The ETH/BTC ratio has ticked upward, and tokens across decentralized finance (DeFi), artificial intelligence (AI), and layer-2 scaling solutions have begun posting double-digit percentage gains — typical of early-stage bull markets.

This altcoin resurgence, Melker suggested, reflects a broader market confidence that Bitcoin’s rise is not isolated but part of a wider crypto ecosystem rally.

$250K Still a Long Shot — But Not Unprecedented

Despite the bullish case, Melker tempered his forecast with a dose of realism, saying that most experts are forecasting highs between $120K and $150K.

However, he was quick to point out that crypto markets are no stranger to explosive surges.

“From the 2020 lows to the last bull market, Bitcoin went from $3,000 to $69,000. A 2.5x from here wouldn’t be a big deal.”

Other analysts agree that a six-figure Bitcoin is within reach. On May 16, the analytics account Apsk32 shared projections that Bitcoin has a “decent chance” of hitting $250K or more in 2025, especially as macroeconomic instability pushes investors toward "digital gold" hedging strategies.

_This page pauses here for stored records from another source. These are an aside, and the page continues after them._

Lemma row_full_block_schedule (S B0 : {set 'I_L}) (blk : nat -> {set 'I_L}) m :
  (forall X : 'M[F]_N, stablemx X A -> (span_rows G S <= X)%MS -> row_full X) ->
  row_full (span_rows G B0 + A)%MS -> B0 \subset blk 0%N ->
  (forall x, x \in S -> exists2 i, (i < m)%N & x \in blk i) ->
  row_full (reach A G (fun e => blk (e %/ q)%N) (q * m)).
Proof.
move=> ctrlS fB0A B0blk Scov; set W := reach _ _ _ _.
have cycW i : (i < m)%N -> (cyclic_span (blk i) *m A ^+ (i * q) <= W)%MS.
  move=> im; rewrite /cyclic_span /reach sumsmxMr; apply/sumsmx_subP => j _.
  have lt_iqj : (i * q + j < q * m)%N.
    apply: leq_trans (_ : i * q + q <= q * m)%N; first by rewrite ltn_add2l.
    by rewrite -mulSnr mulnC leq_mul2l im orbT.
  have := reach_term A G (fun e => blk (e %/ q)%N) lt_iqj.
  by rewrite /= divnMDl // divn_small // addn0 addnC exprD mulmxA.
set Z := (\sum_(i < m) cyclic_span (blk i))%MS.
have fZ : row_full Z.
  apply: ctrlS; first by apply: stablemx_sums => i; apply: cyclic_span_stable.
  apply/span_rows_subP => x /Scov[i im xi].
  apply: submx_trans (row_sub_span_rows G xi) _.
  apply: submx_trans (span_rows_sub_cyclic_span _) _.
  exact: (sumsmx_sup (Ordinal im)).
have [m0|m_gt0] := posnP m.
  by apply: row_fullS fZ; rewrite /Z m0 big_ord0 sub0mx.
have fK0A : row_full (cyclic_span (blk 0) + A)%MS.
  apply: row_fullS fB0A; rewrite addsmxS //.
  exact: submx_trans (span_rowsS _ B0blk) (span_rows_sub_cyclic_span _).
have fK0Z : row_full (cyclic_span (blk 0) + Z)%MS by apply: row_fullS fZ; apply: addsmxSr.
apply: row_fullS (row_full_adds_mulmx_exp (m.-1 * q) (cyclic_span_stable _) fK0A fK0Z).
rewrite addsmx_sub; apply/andP; split.
  by have := cycW 0%N m_gt0; rewrite mul0n expr0 mulmx1.
rewrite /Z sumsmxMr; apply/sumsmx_subP => i _; apply: submx_trans (cycW i (ltn_ord i)).
have -> : (m.-1 * q = (m.-1 - i) * q + i * q)%N.
  by rewrite -mulnDl subnK //; move: (ltn_ord i) m_gt0; lia.
by rewrite exprD mulmxA submxMr // stablemx_exp // cyclic_span_stable.
Qed.

End MinpolySchedule.

Lemma exists_block_cover (T : finType) (s m : nat) (S B0 : {set T}) :
  (0 < s)%N -> B0 \subset S -> (#|B0| <= s)%N -> (#|S| <= m * s)%N ->
  exists blk : nat -> {set T}, [/\ forall i, (#|blk i| <= s)%N,
     forall x, x \in S -> exists2 i, (i < m)%N & x \in blk i
   & B0 \subset blk 0%N].
Proof.
move=> s_gt0 B0S B0s Sms.
pose l := enum B0 ++ enum (S :\: B0).
have mem_l x : x \in S -> x \in l.
  by move=> xS; rewrite mem_cat !mem_enum in_setD xS andbT; case: (x \in B0).
have size_l : size l = #|S|.
  by rewrite size_cat -!cardE -(cardsID B0 S) (setIidPr B0S).
exists (fun i => [set x in S | index x l %/ s == i]%N); split.
- move=> i; set B := [set x in S | _].
  have inj_mod : {in B &, injective (fun x => (inord (index x l %% s.-1.+1) : 'I_s.-1.+1))}.
    move=> x y /[!inE] /andP[xS /eqP xi] /andP[yS /eqP yi] /(congr1 val).
    rewrite /= !inordK ?prednK ?ltn_mod // => eq_mod.
    have : index x l = index y l.
      by rewrite (divn_eq (index x l) s) (divn_eq (index y l) s) xi yi eq_mod.
    by move=> /(congr1 (nth x l)); rewrite !nth_index ?mem_l.
  by rewrite -(card_in_imset inj_mod) (leq_trans (max_card _)) ?card_ord ?prednK.
- move=> x xS; exists (index x l %/ s)%N; last by rewrite inE xS eqxx.
  by rewrite ltn_divLR // (leq_trans _ Sms) // -size_l index_mem mem_l.
- apply/subsetP => x xB; rewrite inE (subsetP B0S x xB) /= divn_small //.
  rewrite /l index_cat mem_enum xB.
  by apply: leq_trans B0s; rewrite cardE index_mem mem_enum.
Qed.

Lemma exists_nonroot (R : numDomainType) (p : {poly R}) :
  p != 0 -> exists t : R, ~~ root p t.
Proof.
move=> p_neq0; have nat_uniq : uniq [seq (k%:R : R) | k <- iota 0 (size p)].
  by rewrite map_inj_uniq ?iota_uniq // => a b /eqP; rewrite eqr_nat => /eqP.
have := contraNN (fun all_roots => max_poly_roots p_neq0 all_roots nat_uniq).
rewrite size_map size_iota ltnn => /(_ isT) /allPn[t _ nroot_t].
by exists t.
Qed.

(* Over an infinite field a vector space is not a finite union of proper
   subspaces: the moment curve t |-> (t ^+ k)_k meets each proper subspace in
   finitely many points, namely roots of a nonzero polynomial. *)
Lemma row_full_of_finite_cover (R : numFieldType) (I : finType) n (M : I -> 'M[R]_n) :
  (forall y : 'rV[R]_n, exists i, (y <= M i)%MS) -> exists i, row_full (M i).
Proof.
case: n M => [|n] M cover.
  by have [i _] := cover 0; exists i; rewrite /row_full eqn_leq rank_leq_col.
have [/existsP // | /existsPn nfull] := boolP [exists i, row_full (M i)]; exfalso.
have nz i : exists ab : 'I_n.+1 * 'I_n.+1, cokermx (M i) ab.1 ab.2 != 0.
  have /matrix0Pn[a [b nz_ab]] : cokermx (M i) != 0 by rewrite cokermx_eq0.
  by exists (a, b).
have [ab nz_ab] := fin_all_exists nz.
pose p i := \poly_(k < n.+1) cokermx (M i) (inord k) (ab i).2.
have p_neq0 i : p i != 0.
  apply/eqP => /(congr1 (fun r : {poly R} => r`_(ab i).1)).
  by rewrite coef_poly ltn_ord inord_val coef0 => /eqP; apply/negP: (nz_ab i).
have prod_neq0 : \prod_i p i != 0 by apply/prodf_neq0 => i _; apply: p_neq0.
have [t] := exists_nonroot prod_neq0.
have [c] := cover (\row_k (t ^+ k)).
rewrite submxE => /eqP/matrixP/(_ 0 (ab c).2); rewrite !mxE => yc.
rewrite /root horner_prod (bigD1 c) //= mulf_eq0 negb_or => /andP[/negP[]].
apply/eqP; rewrite horner_poly -[X in _ = X]yc; apply: eq_bigr => k _.
by rewrite !mxE inord_val mulrC.
Qed.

Even Presto’s head of research Peter Chung has doubled down on his $210K prediction, while Standard Chartered and Intellectia AI analysts have echoed similar sentiments, citing rising ETF inflows and a global appetite for alternative stores of value.

A Perfect Storm for Bitcoin?

With diminishing volatility, deepening institutional interest, favorable regulatory shifts, and growing altcoin momentum, the pieces appear to be aligning for a massive move upward in crypto markets. Melker’s $250,000 prediction might not be consensus, but it’s gaining traction among a growing list of analysts.